**What the task requires**
Please transcribe exactly, and only, the lines of the data below between the line holding "Definition radd (p" and the line holding "[set a :|: b].", inclusive.

# # # # # # #

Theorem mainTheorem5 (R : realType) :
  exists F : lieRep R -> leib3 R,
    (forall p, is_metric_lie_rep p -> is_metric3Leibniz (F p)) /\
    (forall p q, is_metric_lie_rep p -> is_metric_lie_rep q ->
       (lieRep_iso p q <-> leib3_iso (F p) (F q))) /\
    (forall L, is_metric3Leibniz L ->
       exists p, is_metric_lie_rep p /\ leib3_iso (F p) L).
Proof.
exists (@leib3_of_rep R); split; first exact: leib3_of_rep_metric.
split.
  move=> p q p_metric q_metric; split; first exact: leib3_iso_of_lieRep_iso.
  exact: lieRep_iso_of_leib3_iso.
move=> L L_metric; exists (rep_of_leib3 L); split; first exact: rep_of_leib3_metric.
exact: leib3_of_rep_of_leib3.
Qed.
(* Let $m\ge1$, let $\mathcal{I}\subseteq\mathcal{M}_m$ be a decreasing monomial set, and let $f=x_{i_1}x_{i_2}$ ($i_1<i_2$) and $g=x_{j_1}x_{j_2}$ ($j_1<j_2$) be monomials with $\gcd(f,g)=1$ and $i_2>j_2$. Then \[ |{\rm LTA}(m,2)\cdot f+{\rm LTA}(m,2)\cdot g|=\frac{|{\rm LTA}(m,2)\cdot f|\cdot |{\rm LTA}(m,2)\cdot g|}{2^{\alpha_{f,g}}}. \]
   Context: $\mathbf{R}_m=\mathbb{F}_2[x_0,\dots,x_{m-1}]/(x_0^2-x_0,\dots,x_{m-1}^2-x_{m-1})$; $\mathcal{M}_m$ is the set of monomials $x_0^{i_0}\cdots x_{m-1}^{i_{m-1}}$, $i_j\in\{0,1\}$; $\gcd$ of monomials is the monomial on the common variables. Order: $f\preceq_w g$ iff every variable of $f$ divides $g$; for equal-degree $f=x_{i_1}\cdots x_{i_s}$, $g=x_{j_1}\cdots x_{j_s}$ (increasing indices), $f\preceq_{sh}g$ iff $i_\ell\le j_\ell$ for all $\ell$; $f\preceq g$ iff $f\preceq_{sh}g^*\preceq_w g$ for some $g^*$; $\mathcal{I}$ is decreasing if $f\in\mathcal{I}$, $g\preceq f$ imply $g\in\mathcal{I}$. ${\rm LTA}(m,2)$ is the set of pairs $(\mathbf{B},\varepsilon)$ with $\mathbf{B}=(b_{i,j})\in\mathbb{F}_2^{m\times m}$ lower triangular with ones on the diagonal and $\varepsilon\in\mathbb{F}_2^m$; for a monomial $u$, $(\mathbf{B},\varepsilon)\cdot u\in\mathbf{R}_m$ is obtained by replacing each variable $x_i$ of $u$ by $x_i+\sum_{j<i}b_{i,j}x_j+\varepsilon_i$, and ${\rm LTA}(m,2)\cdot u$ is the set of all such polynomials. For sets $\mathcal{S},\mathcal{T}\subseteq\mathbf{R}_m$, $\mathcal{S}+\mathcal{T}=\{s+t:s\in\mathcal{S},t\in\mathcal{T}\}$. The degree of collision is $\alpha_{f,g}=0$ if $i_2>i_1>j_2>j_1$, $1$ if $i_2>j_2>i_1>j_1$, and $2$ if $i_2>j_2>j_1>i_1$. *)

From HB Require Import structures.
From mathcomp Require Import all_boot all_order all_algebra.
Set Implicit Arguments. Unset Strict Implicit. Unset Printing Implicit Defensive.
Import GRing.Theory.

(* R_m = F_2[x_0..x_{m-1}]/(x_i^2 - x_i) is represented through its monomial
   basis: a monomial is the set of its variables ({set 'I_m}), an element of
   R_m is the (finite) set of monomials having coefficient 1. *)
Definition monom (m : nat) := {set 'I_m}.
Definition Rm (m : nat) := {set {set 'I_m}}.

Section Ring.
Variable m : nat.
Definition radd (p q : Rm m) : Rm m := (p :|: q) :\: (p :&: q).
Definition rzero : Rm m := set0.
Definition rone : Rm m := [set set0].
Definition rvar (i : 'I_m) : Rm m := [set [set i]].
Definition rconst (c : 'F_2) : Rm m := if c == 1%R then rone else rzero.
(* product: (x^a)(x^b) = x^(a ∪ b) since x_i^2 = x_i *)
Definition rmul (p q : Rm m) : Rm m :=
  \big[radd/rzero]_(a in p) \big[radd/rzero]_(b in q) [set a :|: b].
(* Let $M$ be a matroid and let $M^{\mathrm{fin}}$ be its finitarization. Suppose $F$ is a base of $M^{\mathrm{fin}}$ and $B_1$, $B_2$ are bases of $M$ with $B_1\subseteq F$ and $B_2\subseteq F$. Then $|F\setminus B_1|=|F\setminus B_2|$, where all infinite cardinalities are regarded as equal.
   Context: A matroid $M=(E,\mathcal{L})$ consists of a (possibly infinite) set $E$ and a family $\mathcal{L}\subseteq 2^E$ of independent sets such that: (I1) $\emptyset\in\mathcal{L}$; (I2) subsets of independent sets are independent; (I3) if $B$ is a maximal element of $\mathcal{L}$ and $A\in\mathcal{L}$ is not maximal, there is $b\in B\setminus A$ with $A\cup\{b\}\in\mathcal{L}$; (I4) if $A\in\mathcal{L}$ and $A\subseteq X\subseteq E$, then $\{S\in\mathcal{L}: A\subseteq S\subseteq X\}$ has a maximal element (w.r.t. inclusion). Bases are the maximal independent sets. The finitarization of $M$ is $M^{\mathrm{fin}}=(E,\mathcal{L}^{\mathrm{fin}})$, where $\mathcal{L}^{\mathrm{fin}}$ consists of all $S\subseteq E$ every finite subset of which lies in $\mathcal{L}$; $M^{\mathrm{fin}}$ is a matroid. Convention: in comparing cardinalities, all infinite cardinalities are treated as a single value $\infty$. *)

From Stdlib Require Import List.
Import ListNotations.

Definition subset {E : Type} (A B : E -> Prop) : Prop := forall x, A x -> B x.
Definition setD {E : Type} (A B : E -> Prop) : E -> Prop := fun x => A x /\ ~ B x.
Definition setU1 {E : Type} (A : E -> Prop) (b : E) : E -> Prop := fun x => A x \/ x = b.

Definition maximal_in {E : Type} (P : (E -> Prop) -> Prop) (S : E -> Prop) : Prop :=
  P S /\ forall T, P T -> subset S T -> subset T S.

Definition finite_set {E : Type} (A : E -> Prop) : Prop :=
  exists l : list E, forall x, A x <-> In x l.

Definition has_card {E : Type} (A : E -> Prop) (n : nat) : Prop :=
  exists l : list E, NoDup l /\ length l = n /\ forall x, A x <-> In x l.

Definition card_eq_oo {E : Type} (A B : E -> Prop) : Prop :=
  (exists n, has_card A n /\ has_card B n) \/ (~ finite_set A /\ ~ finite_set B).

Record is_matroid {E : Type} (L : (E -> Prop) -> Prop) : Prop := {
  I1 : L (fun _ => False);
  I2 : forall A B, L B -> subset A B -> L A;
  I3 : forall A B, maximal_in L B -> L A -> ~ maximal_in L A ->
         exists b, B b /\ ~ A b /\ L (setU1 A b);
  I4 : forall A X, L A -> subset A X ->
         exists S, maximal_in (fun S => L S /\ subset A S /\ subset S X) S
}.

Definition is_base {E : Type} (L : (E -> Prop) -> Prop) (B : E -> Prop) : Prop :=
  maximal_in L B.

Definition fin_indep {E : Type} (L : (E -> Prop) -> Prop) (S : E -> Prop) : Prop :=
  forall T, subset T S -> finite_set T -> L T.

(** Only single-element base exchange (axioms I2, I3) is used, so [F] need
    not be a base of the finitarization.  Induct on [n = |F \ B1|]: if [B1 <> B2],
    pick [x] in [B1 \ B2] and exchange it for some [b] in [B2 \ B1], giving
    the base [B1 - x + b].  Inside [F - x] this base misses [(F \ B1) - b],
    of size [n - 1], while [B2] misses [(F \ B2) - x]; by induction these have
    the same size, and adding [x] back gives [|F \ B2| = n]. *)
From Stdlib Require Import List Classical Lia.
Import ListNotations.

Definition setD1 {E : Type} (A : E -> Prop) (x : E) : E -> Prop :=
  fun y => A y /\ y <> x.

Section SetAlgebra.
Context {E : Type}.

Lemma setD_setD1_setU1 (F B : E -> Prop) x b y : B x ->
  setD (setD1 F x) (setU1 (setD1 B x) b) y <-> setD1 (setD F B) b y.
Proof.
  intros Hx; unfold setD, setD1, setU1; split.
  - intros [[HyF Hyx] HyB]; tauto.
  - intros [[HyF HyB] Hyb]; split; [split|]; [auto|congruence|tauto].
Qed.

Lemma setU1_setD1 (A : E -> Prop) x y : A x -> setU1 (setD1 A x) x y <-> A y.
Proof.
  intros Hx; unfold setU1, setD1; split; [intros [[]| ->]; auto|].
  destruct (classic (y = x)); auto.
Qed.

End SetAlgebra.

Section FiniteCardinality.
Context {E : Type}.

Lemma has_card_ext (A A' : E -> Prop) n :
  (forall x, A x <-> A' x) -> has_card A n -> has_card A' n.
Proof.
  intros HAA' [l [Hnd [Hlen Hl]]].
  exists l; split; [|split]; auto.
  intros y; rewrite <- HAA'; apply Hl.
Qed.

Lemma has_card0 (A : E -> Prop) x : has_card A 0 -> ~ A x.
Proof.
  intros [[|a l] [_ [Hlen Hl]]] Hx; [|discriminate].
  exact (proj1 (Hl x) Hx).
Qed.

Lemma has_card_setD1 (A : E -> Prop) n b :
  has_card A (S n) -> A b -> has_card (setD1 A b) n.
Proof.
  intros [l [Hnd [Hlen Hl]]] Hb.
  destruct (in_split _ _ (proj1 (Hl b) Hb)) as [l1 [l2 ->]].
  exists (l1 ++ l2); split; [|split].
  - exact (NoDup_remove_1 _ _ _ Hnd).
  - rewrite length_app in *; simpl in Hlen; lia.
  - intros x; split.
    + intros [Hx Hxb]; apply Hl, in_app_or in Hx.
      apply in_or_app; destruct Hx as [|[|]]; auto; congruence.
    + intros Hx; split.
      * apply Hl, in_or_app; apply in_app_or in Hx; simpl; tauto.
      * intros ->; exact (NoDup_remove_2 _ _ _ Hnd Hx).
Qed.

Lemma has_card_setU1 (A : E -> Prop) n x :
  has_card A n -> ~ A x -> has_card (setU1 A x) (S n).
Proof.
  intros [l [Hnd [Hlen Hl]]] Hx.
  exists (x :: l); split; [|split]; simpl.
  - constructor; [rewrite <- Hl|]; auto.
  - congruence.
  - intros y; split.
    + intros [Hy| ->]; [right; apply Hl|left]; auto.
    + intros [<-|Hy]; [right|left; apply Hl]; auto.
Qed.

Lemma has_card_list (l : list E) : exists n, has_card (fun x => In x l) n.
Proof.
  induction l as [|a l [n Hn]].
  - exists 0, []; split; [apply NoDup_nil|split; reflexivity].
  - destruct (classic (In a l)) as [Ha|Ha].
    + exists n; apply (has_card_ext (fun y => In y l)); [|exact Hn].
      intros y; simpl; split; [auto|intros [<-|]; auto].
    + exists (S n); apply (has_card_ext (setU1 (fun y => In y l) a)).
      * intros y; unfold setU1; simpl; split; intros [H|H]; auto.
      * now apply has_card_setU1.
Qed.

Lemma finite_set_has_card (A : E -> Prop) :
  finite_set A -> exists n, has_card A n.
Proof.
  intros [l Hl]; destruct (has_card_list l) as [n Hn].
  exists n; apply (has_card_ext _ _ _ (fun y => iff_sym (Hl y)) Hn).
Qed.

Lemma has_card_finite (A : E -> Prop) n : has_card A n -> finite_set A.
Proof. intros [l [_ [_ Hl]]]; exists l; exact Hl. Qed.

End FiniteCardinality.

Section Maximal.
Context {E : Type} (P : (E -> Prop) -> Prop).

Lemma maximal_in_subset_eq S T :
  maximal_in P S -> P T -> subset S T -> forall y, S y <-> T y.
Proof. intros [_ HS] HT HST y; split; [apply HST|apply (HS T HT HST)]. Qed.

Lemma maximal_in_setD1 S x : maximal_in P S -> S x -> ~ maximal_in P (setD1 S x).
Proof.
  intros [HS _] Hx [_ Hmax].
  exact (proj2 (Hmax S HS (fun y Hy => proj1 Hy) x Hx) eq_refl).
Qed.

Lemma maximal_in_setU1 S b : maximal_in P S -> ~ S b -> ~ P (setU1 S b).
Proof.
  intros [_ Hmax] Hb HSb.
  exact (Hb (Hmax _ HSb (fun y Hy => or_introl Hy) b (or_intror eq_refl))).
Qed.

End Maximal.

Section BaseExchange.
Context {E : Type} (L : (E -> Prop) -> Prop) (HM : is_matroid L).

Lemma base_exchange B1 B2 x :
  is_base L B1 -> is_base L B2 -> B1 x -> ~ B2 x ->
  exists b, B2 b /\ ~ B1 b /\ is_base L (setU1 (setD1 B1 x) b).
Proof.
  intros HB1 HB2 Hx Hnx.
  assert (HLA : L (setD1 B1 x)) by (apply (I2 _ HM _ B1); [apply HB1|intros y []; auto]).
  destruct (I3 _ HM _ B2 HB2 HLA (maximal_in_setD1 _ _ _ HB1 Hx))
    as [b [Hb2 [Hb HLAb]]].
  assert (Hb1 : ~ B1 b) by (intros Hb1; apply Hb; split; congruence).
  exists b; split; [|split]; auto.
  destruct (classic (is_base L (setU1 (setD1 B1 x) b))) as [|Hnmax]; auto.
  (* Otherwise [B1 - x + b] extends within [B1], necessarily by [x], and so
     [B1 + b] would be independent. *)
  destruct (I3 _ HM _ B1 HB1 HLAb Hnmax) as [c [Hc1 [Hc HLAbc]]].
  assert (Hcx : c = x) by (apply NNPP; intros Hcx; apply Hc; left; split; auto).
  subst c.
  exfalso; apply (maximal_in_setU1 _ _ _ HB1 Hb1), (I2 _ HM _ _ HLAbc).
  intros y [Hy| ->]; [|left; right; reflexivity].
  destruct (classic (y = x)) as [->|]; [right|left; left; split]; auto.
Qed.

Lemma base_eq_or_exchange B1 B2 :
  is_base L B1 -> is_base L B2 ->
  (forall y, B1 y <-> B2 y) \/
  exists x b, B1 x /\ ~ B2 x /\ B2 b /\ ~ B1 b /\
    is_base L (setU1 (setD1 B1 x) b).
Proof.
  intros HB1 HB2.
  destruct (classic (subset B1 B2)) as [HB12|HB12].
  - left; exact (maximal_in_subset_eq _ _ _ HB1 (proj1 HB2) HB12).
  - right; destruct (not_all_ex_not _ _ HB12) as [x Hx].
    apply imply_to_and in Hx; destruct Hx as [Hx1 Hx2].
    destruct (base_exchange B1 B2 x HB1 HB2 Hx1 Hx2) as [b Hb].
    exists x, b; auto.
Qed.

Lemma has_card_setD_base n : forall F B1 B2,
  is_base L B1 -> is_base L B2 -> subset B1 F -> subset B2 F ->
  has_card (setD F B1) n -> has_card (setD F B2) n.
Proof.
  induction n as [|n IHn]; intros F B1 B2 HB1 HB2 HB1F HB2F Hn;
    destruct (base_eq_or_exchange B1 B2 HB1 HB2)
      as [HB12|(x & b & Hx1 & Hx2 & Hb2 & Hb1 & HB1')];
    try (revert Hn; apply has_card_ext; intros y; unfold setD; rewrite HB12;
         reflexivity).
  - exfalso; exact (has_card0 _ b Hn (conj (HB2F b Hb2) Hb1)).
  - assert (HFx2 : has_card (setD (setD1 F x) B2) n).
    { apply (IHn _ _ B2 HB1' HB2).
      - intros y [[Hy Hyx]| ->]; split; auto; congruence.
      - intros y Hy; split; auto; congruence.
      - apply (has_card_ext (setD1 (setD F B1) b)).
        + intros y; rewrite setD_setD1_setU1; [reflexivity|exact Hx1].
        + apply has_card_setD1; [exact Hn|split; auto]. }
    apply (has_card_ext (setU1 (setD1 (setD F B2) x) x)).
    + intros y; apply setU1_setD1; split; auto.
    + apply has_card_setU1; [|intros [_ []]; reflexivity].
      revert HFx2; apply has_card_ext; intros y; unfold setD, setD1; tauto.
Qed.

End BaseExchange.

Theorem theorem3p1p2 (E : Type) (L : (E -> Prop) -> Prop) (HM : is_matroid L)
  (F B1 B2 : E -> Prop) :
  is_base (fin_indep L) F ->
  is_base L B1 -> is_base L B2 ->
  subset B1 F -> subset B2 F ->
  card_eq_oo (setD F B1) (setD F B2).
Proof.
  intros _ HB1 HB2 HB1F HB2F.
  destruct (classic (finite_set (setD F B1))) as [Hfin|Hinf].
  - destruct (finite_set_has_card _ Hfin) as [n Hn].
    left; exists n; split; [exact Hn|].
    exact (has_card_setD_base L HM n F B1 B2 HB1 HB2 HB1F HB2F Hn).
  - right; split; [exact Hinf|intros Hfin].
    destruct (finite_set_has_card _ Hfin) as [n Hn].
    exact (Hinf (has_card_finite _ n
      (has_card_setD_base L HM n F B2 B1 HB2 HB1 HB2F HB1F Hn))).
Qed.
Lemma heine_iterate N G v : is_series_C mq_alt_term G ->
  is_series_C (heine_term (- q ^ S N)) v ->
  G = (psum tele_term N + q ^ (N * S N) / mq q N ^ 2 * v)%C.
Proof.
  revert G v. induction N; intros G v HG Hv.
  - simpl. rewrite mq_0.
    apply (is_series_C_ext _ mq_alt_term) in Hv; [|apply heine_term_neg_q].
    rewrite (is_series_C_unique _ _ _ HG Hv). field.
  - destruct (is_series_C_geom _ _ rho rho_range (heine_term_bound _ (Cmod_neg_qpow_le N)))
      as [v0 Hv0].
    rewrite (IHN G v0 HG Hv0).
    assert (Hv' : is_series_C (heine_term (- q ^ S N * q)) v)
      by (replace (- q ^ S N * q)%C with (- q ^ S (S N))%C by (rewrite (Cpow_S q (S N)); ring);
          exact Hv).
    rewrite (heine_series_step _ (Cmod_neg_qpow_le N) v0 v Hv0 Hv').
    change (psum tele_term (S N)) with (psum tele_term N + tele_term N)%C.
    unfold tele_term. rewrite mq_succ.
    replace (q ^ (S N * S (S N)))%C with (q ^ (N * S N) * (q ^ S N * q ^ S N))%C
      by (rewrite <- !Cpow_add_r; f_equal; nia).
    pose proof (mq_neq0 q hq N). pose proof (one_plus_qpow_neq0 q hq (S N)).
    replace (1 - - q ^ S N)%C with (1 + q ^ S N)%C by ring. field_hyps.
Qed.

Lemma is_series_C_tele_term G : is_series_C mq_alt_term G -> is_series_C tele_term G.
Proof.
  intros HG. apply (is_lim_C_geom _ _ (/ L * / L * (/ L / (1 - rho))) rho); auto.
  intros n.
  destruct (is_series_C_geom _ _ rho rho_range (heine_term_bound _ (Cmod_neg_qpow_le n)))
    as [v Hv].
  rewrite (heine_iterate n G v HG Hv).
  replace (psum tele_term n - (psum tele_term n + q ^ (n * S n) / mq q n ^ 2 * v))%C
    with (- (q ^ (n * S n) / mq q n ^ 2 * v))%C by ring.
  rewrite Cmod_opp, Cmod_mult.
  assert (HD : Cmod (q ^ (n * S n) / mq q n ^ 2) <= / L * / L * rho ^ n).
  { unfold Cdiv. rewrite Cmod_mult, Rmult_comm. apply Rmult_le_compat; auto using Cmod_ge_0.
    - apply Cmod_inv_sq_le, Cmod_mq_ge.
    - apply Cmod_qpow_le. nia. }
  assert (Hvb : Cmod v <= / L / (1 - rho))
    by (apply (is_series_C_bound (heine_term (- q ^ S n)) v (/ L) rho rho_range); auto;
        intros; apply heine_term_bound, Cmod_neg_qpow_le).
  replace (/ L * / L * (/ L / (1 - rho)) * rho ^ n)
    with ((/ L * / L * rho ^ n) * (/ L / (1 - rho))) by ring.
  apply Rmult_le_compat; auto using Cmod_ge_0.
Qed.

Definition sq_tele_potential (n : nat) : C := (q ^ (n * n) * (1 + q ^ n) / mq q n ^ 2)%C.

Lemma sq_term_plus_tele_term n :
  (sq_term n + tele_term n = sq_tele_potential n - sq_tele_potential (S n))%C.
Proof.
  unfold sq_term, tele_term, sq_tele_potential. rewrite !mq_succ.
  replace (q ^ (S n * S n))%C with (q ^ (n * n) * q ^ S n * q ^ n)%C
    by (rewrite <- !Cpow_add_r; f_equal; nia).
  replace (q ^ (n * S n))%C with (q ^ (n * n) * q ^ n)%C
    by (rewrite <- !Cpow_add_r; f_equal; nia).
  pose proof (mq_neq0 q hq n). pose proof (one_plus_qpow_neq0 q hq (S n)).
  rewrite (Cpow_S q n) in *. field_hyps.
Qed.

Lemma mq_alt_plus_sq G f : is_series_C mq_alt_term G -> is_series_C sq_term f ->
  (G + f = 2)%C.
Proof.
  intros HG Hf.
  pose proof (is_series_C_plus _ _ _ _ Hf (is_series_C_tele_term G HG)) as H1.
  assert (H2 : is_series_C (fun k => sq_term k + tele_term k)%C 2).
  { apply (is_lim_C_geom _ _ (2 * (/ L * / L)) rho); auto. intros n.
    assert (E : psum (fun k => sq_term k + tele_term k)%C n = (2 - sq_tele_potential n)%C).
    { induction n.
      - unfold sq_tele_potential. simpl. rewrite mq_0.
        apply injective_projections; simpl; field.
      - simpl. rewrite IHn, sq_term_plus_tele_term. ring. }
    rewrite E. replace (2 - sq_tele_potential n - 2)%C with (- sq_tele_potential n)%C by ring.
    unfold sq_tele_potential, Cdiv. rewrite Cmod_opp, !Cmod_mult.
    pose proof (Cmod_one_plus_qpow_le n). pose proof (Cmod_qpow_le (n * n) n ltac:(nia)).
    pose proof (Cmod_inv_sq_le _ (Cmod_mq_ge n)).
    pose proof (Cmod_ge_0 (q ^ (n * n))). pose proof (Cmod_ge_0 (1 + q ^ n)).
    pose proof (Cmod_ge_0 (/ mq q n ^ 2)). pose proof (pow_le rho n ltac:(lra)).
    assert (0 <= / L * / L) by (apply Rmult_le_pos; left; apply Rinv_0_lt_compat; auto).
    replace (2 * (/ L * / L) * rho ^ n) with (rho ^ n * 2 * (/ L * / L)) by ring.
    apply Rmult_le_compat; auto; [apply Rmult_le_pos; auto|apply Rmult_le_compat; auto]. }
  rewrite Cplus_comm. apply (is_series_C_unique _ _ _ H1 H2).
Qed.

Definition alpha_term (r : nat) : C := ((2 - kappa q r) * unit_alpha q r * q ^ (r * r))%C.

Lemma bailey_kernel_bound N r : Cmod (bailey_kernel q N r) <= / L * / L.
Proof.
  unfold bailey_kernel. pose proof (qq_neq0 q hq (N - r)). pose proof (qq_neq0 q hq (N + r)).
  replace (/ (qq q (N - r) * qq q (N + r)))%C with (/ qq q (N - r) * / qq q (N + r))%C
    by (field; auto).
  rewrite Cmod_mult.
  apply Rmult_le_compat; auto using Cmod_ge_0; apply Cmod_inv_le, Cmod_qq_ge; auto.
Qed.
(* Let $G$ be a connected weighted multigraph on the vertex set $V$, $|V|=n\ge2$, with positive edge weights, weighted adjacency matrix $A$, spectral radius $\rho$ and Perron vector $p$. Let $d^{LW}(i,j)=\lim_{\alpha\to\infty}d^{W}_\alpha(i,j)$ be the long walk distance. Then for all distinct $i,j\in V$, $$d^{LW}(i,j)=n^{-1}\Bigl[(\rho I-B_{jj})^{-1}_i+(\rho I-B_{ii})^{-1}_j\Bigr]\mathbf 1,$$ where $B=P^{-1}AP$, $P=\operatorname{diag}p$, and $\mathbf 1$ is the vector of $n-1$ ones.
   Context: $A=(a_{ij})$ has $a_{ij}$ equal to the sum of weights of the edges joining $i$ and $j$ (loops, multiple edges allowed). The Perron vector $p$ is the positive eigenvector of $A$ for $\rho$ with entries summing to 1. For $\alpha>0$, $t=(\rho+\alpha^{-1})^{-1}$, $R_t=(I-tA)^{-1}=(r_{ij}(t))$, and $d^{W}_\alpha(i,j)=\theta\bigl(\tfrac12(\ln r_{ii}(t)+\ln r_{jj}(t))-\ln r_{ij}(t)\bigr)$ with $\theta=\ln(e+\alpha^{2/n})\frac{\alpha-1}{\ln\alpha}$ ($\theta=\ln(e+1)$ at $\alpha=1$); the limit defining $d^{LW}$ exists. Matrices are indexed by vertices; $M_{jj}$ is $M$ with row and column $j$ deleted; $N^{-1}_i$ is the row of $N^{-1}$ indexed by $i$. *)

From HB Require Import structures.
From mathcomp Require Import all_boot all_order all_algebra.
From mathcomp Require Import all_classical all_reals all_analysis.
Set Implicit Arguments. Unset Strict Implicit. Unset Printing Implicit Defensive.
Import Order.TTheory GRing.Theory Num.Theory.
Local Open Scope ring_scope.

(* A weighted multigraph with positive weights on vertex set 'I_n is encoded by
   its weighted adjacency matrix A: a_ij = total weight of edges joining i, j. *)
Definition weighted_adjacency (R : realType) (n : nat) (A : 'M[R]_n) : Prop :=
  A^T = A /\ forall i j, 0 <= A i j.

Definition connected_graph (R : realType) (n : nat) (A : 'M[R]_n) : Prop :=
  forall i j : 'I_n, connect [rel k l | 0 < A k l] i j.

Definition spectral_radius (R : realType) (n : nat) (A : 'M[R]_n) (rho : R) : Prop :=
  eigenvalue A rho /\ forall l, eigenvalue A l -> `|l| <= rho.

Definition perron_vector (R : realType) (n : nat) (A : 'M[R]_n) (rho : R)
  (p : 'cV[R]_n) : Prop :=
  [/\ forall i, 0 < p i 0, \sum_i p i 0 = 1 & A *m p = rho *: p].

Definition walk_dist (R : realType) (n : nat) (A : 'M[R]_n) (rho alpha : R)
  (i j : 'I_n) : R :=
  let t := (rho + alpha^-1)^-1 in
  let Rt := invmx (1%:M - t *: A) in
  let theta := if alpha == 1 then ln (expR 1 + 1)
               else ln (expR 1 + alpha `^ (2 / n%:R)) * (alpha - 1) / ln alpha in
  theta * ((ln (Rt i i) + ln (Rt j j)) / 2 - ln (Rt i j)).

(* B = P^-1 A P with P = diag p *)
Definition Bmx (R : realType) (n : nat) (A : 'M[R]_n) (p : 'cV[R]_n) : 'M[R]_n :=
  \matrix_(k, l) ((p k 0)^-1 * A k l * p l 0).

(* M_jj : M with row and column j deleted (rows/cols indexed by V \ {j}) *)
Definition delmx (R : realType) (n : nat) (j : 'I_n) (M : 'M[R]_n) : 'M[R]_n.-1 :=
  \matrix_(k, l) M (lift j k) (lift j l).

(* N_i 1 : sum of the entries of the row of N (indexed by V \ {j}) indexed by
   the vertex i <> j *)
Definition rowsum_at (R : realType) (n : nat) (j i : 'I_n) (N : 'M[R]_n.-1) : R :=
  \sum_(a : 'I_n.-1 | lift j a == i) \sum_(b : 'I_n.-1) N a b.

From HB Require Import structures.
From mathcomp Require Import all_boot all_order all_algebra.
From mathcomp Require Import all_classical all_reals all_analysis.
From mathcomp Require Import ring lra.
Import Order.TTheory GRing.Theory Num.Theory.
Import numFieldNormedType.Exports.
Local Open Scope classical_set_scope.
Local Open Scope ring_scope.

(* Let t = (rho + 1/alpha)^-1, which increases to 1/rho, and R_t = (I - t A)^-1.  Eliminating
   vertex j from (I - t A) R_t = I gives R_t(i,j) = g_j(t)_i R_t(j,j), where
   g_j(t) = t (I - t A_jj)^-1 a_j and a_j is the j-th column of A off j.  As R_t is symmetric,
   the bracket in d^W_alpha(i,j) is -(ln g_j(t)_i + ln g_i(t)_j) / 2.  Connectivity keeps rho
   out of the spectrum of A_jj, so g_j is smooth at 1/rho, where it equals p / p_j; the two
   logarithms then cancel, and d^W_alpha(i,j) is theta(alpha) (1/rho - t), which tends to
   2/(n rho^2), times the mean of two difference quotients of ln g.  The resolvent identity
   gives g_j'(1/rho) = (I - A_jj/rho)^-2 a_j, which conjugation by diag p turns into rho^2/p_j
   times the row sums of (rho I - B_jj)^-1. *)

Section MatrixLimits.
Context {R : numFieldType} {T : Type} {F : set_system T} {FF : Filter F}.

# # # # # # #

**Answer space**
Definition radd (p q : Rm m) : Rm m := (p :|: q) :\: (p :&: q).
Definition rzero : Rm m := set0.
Definition rone : Rm m := [set set0].
Definition rvar (i : 'I_m) : Rm m := [set [set i]].
Definition rconst (c : 'F_2) : Rm m := if c == 1%R then rone else rzero.
(* product: (x^a)(x^b) = x^(a ∪ b) since x_i^2 = x_i *)
Definition rmul (p q : Rm m) : Rm m :=
  \big[radd/rzero]_(a in p) \big[radd/rzero]_(b in q) [set a :|: b].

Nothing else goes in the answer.